• _To do_:
From the entries below, gather each line containing the word "have".

Collected data entries
Start of Block
(* The eigenfunction: (k - mu) delta i on S_i and k delta i on A_i.  Since
   delta sums to zero, the clique vertices contribute nothing in common, and
   on S_i the eigenvalue equation is mu_quadratic times delta i. *)
Lemma mu_root : mu \in lap_roots e.
Proof.
pose f (x : V) : algC :=
  if x.2 is inl _ then (k%:R - mu) * delta x.1 else k%:R * delta x.1.
apply: (eigenfunction_root (@split_sym k t r) (@split_irr k t r)
         (f := f) (x := (i0, inr c0))).
  case=> i [a|c]; last first.
    by rewrite lap_apply_A /sum_S /f /= sumr_const card_ord -mulr_natl; ring.
  rewrite lap_apply_S.
  have -> : \sum_j sum_S f j = 0.
    rewrite (eq_bigr (fun j => k%:R * ((k%:R - mu) * delta j))) => [|j _]; last first.
      by rewrite /sum_S /f /= sumr_const card_ord mulr_natl.
    by rewrite -!mulr_sumr sum_delta !mulr0.
  rewrite /sum_A /f /= sumr_const card_ord -mulr_natl natrD natrM.
  have := mu_quadratic; move: (delta i) => D Q.
  apply/eqP; rewrite -subr_eq0; apply/eqP.
  transitivity (((r%:R * k%:R + t%:R) * (k%:R - mu) - t%:R * k%:R - mu * (k%:R - mu)) * D).
    by ring.
  by rewrite Q subrr mul0r.
by rewrite /f /delta /= subr0 mulr1 pnatr_eq0 -lt0n.
Qed.

Lemma many_parts_alg_conn_lt : alg_conn e < k%:R.
Proof.
have zero_root := zero_lap_root (@split_sym k t r) (@split_irr k t r) (i0, inr c0).
rewrite alg_connE; apply: (le_lt_trans _ mu_lt_k).
exact: (second_smallest_le (lap_roots_real (@split_sym k t r)) zero_root mu_root mu_gt0).
Qed.

End ManyParts.

Unset Implicit Arguments.

Theorem mainTheorem8 (k t r : nat) (hk : (1 <= k)%N) (ht : (1 <= t)%N)
    (hr : (1 <= r)%N) :
  ((r == 1%N) && (2 <= t)%N ->
     alg_conn (@split_adj k t r) = (vconn (@split_adj k t r))%:R) /\
  ((2 <= r)%N ->
     alg_conn (@split_adj k t r) <> (vconn (@split_adj k t r))%:R).
Proof.
rewrite (split_vconn hk ht hr); split.
- by case/andP => /eqP r1 t_gt1; subst r; exact: one_part_alg_conn.
- by move=> r_gt1; apply/eqP; rewrite lt_eqF // many_parts_alg_conn_lt.
Qed.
End of Block
• _Response to this exercise_:
  have -> : \sum_j sum_S f j = 0.
  have := mu_quadratic; move: (delta i) => D Q.
have zero_root := zero_lap_root (@split_sym k t r) (@split_irr k t r) (i0, inr c0).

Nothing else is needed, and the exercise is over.